Provincial representatives carry flags and placards during a prayer day in Lusaka on July 24. Zambian President Edgar Lungu called for prayers for peaceful elections following a spate of violent incidents during campaigning for the Aug. 11 elections.
Rain pours during “Feria del Dulce 2016,” a festival celebrating sweets and candies in San Cristóbal de las Casas, a city in Mexico’s southernmost state of Chiapas. The sweets include dulce de leche, a sweetened milk that is slowly heated, and cocadas, made with coconut, among others. The annual festival, which convenes more than 60 confectionary artisans, began on July 24 and is set to end on July 31.
A crowd watches fireworks at the Fiesta Patronal de Santiago, which took place this month in Mexico City. This type of fireworks display, with its wooden frame, is known locally as a “castillo,” for its large, almost “castle”-like height. The Fiesta Patronal de Santiago honors James, one of Jesus’ 12 disciples, who in Spanish is known as Santiago el Mayor. Activities during the four-day festival included lectures, concerts and workshops.
Dental technicians studying at KIST Medical College examine patients at a free dental clinic set up on a street in Pulchowk, in Nepal’s Lalitpur district, on July 16. Along with basic checkups, the students offered advice about diet and hygiene.

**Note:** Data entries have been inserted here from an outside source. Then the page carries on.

(* For every set $\mathcal X$ of $n$ entities, each moving along a trajectory of $\tau$ edges (in general position), and every $\varepsilon\ge 0$, the Reeb graph $\mathcal R=(V,E)$ has $O(\tau n^2)$ vertices and $O(\tau n^2)$ edges. These bounds are tight in the worst case: there are inputs for which $\mathcal R$ has $\Omega(\tau n^2)$ vertices and edges.
   Context: Let $\mathcal X$ be a set of $n$ entities. All trajectories are sampled at common times $t_0<t_1<\dots<t_\tau$; each entity $x$ has a position $x(t_i)\in\mathbb R^2$ at each $t_i$ and moves with constant velocity between consecutive sample times, so its trajectory is a polygonal path with $\tau$ edges defined on $[t_0,t_\tau]$. Fix $\varepsilon\ge 0$. Two entities $x,y$ are directly connected at time $t$ if their closed discs of radius $\varepsilon$ centred at $x(t)$ and $y(t)$ intersect, i.e. $\|x(t)-y(t)\|\le 2\varepsilon$. They are $\varepsilon$-connected at time $t$ if there is a sequence $x=x_0,\dots,x_k=y$ of entities with $x_i,x_{i+1}$ directly connected at $t$ for all $i$. A component at time $t$ is a maximal set of pairwise $\varepsilon$-connected entities; the components at time $t$ partition $\mathcal X$. General position: no two distinct events at which a pair of entities becomes directly connected or directly disconnected occur at the same time. The Reeb graph $\mathcal R$ is the directed graph describing the evolution of the components over $[t_0,t_\tau]$: it has a start vertex for each component at $t_0$ (in-degree 0, out-degree 1), an end vertex for each component at $t_\tau$ (in-degree 1, out-degree 0), a merge vertex (in-degree 2, out-degree 1) at each time two components unite into one, and a split vertex (in-degree 1, out-degree 2) at each time a component splits into two; each vertex $v$ has a time $t_v$, and each edge $e=(u,v)$ with $t_u<t_v$ corresponds to a set $C_e$ of entities that is a component at every time in $[t_u,t_v]$. *)

From Stdlib Require Import Reals Lra Lia List Relations.
Open Scope R_scope.

(* Input: n entities (indexed 0..n-1), tau edges per trajectory,        *)
(* sample times ts 0 < ts 1 < ... < ts tau, positions pts i x = x(t_i), *)

Section Trajectories.

Variables (n tau : nat) (ts : nat -> R) (pts : nat -> nat -> R * R) (eps : R).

Cecilia Amma, 50, harvests tea leaves at a private tea estate in Kotagiri, Nilgiris, a district in India’s southern Tamil Nadu state. “We are the last of the tea pluckers,” Amma says, noting that her community’s children are in school to pursue professional careers. Amma says she lived in Sri Lanka before she was repatriated to India under the Sirima-Shastri pact, a 1964 agreement between Sri Lanka and India that granted Indian citizenship to people of Indian descent in Sri Lanka.
Argentine protesters braved the rain in Buenos Aires on July 14 to protest increased utility rates, which have risen by as much as 1,000 percent in some areas. The protests come within President Mauricio Macri’s first year in office, during which Argentines have experienced continued economic instability. The sign shown says, “No to the tarifazo,” a term used in Argentina based on the Spanish word tarifa that is modified to suggest an exaggerated rate. That phrase is followed by, “Macri, national shame!!!”
The prison cells shown here house prisoners who are on death row. All male death row prisoners at Welikada Prison live in a building called the “Chapel,” which also contains the gallows used when death sentences are carried out.
Young people take to the streets in Lusaka, Zambia on July 4 to take a public stand against child sex abuse and gender-based violence. The event was organized by the Zambia Medical Association. Data varies, but human rights advocates, medical researchers and others have found that child sex abuse rates are high in Zambia. The country recently launched a Health and Wellbeing Survey, which is now being used to develop priorities to better protect children from abuse.
Muzaffar Ahmad, 11, guides bulls to plow rice fields in the Budgam area of Indian-Administered Kashmir. Some local farmers use tractors, but many people, like Muzaffar, continue to utilize traditional plowing methods.
A masked dancer performs a Bhadrakali dance in Kathmandu on June 25 during a festival to Bhadrakali, a Hindu goddess. The festival, held every 12 years, is mainly celebrated among Nepal’s Newar people and is intended to bring prosperity and peace to the country.